### GOAL OF THE EXERCISE
Look below for the line that has "goeritz_image (g *m h)". Set down the lines from there through the line that has "Ltac vec4_eq := unfold", exactly as written.

### TASK INPUT
★ ★ ★ ★ ★

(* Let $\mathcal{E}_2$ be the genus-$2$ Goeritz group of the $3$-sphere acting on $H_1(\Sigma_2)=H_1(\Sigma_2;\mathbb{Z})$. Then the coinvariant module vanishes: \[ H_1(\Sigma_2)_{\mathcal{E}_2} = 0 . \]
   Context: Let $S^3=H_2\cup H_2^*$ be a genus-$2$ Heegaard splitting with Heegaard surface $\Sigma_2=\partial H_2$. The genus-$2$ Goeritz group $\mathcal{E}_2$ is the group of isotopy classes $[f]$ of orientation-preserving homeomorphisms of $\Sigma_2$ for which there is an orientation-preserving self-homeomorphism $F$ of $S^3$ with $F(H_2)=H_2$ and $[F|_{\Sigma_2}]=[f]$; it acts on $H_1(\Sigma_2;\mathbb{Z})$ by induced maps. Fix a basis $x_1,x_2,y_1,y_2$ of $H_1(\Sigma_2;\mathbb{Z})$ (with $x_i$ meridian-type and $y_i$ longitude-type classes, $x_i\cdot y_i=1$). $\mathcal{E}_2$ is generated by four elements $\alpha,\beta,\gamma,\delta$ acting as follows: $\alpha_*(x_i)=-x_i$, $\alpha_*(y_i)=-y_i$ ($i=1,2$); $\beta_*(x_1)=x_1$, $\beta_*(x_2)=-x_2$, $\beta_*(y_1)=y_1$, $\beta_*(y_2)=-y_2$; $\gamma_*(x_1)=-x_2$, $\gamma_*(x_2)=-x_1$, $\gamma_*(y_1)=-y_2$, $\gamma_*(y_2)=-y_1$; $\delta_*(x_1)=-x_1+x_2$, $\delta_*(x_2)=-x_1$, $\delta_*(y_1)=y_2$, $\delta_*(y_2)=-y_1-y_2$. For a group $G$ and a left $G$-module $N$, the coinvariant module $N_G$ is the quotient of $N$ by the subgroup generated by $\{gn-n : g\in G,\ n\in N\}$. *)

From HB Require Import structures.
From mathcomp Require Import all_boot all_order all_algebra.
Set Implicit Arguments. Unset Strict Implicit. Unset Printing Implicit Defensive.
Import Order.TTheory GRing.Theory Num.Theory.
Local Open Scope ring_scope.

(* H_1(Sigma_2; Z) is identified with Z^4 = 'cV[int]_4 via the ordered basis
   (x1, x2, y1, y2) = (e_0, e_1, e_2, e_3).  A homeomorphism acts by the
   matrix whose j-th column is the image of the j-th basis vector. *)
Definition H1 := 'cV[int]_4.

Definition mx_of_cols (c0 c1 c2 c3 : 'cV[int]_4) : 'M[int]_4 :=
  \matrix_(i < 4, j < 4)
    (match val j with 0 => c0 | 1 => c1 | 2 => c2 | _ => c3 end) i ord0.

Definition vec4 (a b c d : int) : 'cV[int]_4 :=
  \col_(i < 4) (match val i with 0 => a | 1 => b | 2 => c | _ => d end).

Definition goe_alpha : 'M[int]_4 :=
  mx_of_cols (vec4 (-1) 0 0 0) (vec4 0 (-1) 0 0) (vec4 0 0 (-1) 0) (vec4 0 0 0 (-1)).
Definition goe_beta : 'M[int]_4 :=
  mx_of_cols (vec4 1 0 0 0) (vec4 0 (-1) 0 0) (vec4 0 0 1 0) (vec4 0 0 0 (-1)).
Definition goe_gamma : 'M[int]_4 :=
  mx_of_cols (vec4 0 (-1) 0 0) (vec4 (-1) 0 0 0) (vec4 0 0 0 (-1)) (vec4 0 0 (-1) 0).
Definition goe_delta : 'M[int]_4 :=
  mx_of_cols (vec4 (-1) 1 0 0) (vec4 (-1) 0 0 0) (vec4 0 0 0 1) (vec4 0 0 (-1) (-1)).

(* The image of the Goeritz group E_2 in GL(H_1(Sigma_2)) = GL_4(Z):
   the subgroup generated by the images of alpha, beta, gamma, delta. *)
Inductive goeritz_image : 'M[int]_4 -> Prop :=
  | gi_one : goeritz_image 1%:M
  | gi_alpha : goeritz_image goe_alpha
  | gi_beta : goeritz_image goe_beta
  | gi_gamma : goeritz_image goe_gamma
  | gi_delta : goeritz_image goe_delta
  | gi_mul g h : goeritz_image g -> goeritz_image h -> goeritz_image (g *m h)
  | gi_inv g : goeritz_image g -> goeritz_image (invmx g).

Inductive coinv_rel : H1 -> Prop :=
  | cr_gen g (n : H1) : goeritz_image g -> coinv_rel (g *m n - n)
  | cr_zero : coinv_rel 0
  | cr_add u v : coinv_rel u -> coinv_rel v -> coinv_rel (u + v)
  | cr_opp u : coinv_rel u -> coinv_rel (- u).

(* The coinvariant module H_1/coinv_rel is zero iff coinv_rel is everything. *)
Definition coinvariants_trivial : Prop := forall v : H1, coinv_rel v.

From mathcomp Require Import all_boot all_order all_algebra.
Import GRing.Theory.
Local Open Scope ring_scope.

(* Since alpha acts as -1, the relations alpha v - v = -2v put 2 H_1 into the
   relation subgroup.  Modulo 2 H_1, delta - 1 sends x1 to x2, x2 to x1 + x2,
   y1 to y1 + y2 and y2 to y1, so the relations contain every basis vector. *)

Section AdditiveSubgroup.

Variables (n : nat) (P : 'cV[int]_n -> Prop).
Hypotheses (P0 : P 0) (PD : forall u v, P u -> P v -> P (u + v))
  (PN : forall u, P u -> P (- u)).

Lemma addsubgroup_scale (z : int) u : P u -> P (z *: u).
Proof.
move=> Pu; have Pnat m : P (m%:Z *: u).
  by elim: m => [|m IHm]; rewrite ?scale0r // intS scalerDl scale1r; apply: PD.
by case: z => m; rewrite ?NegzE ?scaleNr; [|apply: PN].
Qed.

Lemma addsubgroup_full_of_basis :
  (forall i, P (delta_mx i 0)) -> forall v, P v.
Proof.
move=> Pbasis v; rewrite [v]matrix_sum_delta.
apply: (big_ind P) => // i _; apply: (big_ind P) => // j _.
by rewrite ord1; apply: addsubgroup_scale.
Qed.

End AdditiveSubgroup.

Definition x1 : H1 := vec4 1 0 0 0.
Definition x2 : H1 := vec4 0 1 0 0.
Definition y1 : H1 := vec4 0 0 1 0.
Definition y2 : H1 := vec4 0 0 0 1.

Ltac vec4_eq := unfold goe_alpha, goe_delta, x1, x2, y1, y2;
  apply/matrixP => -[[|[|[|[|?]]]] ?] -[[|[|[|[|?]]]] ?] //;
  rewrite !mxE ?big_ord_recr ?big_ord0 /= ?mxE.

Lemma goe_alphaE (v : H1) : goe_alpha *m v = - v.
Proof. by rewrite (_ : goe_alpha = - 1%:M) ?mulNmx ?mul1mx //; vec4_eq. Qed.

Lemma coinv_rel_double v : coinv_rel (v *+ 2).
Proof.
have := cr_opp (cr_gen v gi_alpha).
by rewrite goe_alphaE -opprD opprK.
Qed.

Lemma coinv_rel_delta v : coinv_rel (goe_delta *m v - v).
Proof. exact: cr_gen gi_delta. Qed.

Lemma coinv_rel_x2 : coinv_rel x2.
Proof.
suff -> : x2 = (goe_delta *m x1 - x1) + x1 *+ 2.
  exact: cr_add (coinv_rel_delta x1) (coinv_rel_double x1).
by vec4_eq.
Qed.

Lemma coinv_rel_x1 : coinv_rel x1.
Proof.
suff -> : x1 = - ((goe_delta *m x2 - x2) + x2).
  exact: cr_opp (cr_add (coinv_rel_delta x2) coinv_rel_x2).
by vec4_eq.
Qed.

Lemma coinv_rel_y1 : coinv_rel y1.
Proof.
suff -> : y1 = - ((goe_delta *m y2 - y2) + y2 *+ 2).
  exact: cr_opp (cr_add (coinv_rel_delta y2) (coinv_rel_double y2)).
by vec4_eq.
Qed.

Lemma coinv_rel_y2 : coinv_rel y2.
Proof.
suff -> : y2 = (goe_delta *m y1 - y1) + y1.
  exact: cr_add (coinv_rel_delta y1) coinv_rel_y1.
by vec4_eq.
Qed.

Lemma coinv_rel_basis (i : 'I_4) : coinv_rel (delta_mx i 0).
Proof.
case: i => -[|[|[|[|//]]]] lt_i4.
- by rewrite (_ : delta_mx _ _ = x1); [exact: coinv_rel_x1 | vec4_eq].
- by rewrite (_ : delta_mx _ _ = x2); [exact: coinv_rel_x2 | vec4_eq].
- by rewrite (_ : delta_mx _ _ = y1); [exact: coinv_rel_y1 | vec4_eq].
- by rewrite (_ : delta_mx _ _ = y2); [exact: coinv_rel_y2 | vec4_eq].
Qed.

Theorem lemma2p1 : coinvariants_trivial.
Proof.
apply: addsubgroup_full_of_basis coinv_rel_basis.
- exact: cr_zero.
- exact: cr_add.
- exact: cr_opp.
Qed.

★ ★ ★ ★ ★

### THE ANSWER
  | gi_mul g h : goeritz_image g -> goeritz_image h -> goeritz_image (g *m h)
  | gi_inv g : goeritz_image g -> goeritz_image (invmx g).

Inductive coinv_rel : H1 -> Prop :=
  | cr_gen g (n : H1) : goeritz_image g -> coinv_rel (g *m n - n)
  | cr_zero : coinv_rel 0
  | cr_add u v : coinv_rel u -> coinv_rel v -> coinv_rel (u + v)
  | cr_opp u : coinv_rel u -> coinv_rel (- u).

(* The coinvariant module H_1/coinv_rel is zero iff coinv_rel is everything. *)
Definition coinvariants_trivial : Prop := forall v : H1, coinv_rel v.

From mathcomp Require Import all_boot all_order all_algebra.
Import GRing.Theory.
Local Open Scope ring_scope.

(* Since alpha acts as -1, the relations alpha v - v = -2v put 2 H_1 into the
   relation subgroup.  Modulo 2 H_1, delta - 1 sends x1 to x2, x2 to x1 + x2,
   y1 to y1 + y2 and y2 to y1, so the relations contain every basis vector. *)

Section AdditiveSubgroup.

Variables (n : nat) (P : 'cV[int]_n -> Prop).
Hypotheses (P0 : P 0) (PD : forall u v, P u -> P v -> P (u + v))
  (PN : forall u, P u -> P (- u)).

Lemma addsubgroup_scale (z : int) u : P u -> P (z *: u).
Proof.
move=> Pu; have Pnat m : P (m%:Z *: u).
  by elim: m => [|m IHm]; rewrite ?scale0r // intS scalerDl scale1r; apply: PD.
by case: z => m; rewrite ?NegzE ?scaleNr; [|apply: PN].
Qed.

Lemma addsubgroup_full_of_basis :
  (forall i, P (delta_mx i 0)) -> forall v, P v.
Proof.
move=> Pbasis v; rewrite [v]matrix_sum_delta.
apply: (big_ind P) => // i _; apply: (big_ind P) => // j _.
by rewrite ord1; apply: addsubgroup_scale.
Qed.

End AdditiveSubgroup.

Definition x1 : H1 := vec4 1 0 0 0.
Definition x2 : H1 := vec4 0 1 0 0.
Definition y1 : H1 := vec4 0 0 1 0.
Definition y2 : H1 := vec4 0 0 0 1.

Ltac vec4_eq := unfold goe_alpha, goe_delta, x1, x2, y1, y2;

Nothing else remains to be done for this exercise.